═════ Dataset entries

(* The subgroups of the cyclic group C_(p^n q) form the lattice [0..n] x [0..1],
   and since the group is abelian a transfer system is just a relation on this
   lattice closed under identities, composition and restriction.  Minimality of
   S says that S is independent: for each s in S some transfer system contains
   the other arrows of S but not s.  In that witness, the highest point of the
   q-type of the target that is reachable from the source of s lies strictly
   below the target of s, and no other arrow of S leaves that point upwards.
   Every arrow lies in exactly two of the classes "q divides the target",
   "horizontal" and "the source is a p-group", and these reachable points give
   injections of the three classes into sets of n + 1, n and n + 1 levels;
   hence 2 |S| <= 3 n + 2. *)

(* [(a, r)] stands for the subgroup of order p ^ a * q ^ r. *)
Definition pt := (nat * bool)%type.
Definition ple (x y : pt) := (x.1 <= y.1) && (x.2 ==> y.2).
Definition pmeet (x y : pt) : pt := (minn x.1 y.1, x.2 && y.2).

Lemma pmeet_idl x y : ple x y -> pmeet x y = x.
Proof.
case: x y => [a r] [c t] /andP[/= /minn_idPl]; rewrite /pmeet /= => ->.
by case: r; case: t.
Qed.

Lemma ple_pmeet z x y : ple z (pmeet x y) = ple z x && ple z y.
Proof.
rewrite /ple /pmeet /= leq_min -!andbA; congr (_ && _); rewrite andbCA.
by case: z.2; case: x.2; case: y.2; rewrite ?andbT ?andbF.
Qed.

Definition transfer_rel n (R : rel pt) :=
  [/\ forall x, x.1 <= n -> R x x, transitive R &
      forall x y z, R x y -> z.1 <= n -> ple z y -> R (pmeet x z) z].

Definition lattice_arrow n (s : pt * pt) := [&& s.2.1 <= n, ple s.1 s.2 & s.1 != s.2].

Definition independent n (S : seq (pt * pt)) :=
  exists R : pt * pt -> rel pt, forall s, s \in S ->
    [/\ transfer_rel n (R s), ~~ R s s.1 s.2 &
        forall t, t \in S -> t != s -> R s t.1 t.2].

Lemma count_inj_leq (T : eqType) (P : pred T) (f : T -> nat) (s : seq T) m :
  uniq s -> {in [seq x <- s | P x] &, injective f} ->
  {in s, forall x, P x -> f x < m} -> count P s <= m.
Proof.
move=> s_uniq f_inj f_lt; rewrite -size_filter -(size_map f) -(size_iota 0 m).
apply: uniq_leq_size; first by rewrite map_inj_in_uniq ?filter_uniq.
move=> _ /mapP[x + ->]; rewrite mem_filter mem_iota => /andP[Px sx].
by rewrite f_lt.
Qed.

Lemma count_double_cover (T : eqType) (P1 P2 P3 : pred T) (s : seq T) :
  {in s, forall x, P1 x + P2 x + P3 x = 2} ->
  count P1 s + count P2 s + count P3 s = 2 * size s.
Proof.
elim: s => //= x s IHs two; have := two x (mem_head _ _).
have /IHs : {in s, forall y, P1 y + P2 y + P3 y = 2}.
  by move=> y sy; rewrite two // inE sy orbT.
lia.
Qed.

Section IndependentArrows.
Variables (n : nat) (S : seq (pt * pt)) (R : pt * pt -> rel pt).
Hypothesis S_arrow : {in S, forall s, lattice_arrow n s}.
Hypothesis R_indep : forall s, s \in S ->
  [/\ transfer_rel n (R s), ~~ R s s.1 s.2 &
      forall t, t \in S -> t != s -> R s t.1 t.2].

══════════

▶ _Task_:
The reply should hold only the lines from the beginning of the listing to the line with "move=> _ /mapP[x", both ends included, unchanged.

▶ _Task answer_:
(* The subgroups of the cyclic group C_(p^n q) form the lattice [0..n] x [0..1],
   and since the group is abelian a transfer system is just a relation on this
   lattice closed under identities, composition and restriction.  Minimality of
   S says that S is independent: for each s in S some transfer system contains
   the other arrows of S but not s.  In that witness, the highest point of the
   q-type of the target that is reachable from the source of s lies strictly
   below the target of s, and no other arrow of S leaves that point upwards.
   Every arrow lies in exactly two of the classes "q divides the target",
   "horizontal" and "the source is a p-group", and these reachable points give
   injections of the three classes into sets of n + 1, n and n + 1 levels;
   hence 2 |S| <= 3 n + 2. *)

(* [(a, r)] stands for the subgroup of order p ^ a * q ^ r. *)
Definition pt := (nat * bool)%type.
Definition ple (x y : pt) := (x.1 <= y.1) && (x.2 ==> y.2).
Definition pmeet (x y : pt) : pt := (minn x.1 y.1, x.2 && y.2).

Lemma pmeet_idl x y : ple x y -> pmeet x y = x.
Proof.
case: x y => [a r] [c t] /andP[/= /minn_idPl]; rewrite /pmeet /= => ->.
by case: r; case: t.
Qed.

Lemma ple_pmeet z x y : ple z (pmeet x y) = ple z x && ple z y.
Proof.
rewrite /ple /pmeet /= leq_min -!andbA; congr (_ && _); rewrite andbCA.
by case: z.2; case: x.2; case: y.2; rewrite ?andbT ?andbF.
Qed.

Definition transfer_rel n (R : rel pt) :=
  [/\ forall x, x.1 <= n -> R x x, transitive R &
      forall x y z, R x y -> z.1 <= n -> ple z y -> R (pmeet x z) z].

Definition lattice_arrow n (s : pt * pt) := [&& s.2.1 <= n, ple s.1 s.2 & s.1 != s.2].

Definition independent n (S : seq (pt * pt)) :=
  exists R : pt * pt -> rel pt, forall s, s \in S ->
    [/\ transfer_rel n (R s), ~~ R s s.1 s.2 &
        forall t, t \in S -> t != s -> R s t.1 t.2].

Lemma count_inj_leq (T : eqType) (P : pred T) (f : T -> nat) (s : seq T) m :
  uniq s -> {in [seq x <- s | P x] &, injective f} ->
  {in s, forall x, P x -> f x < m} -> count P s <= m.
Proof.
move=> s_uniq f_inj f_lt; rewrite -size_filter -(size_map f) -(size_iota 0 m).
apply: uniq_leq_size; first by rewrite map_inj_in_uniq ?filter_uniq.
move=> _ /mapP[x + ->]; rewrite mem_filter mem_iota => /andP[Px sx].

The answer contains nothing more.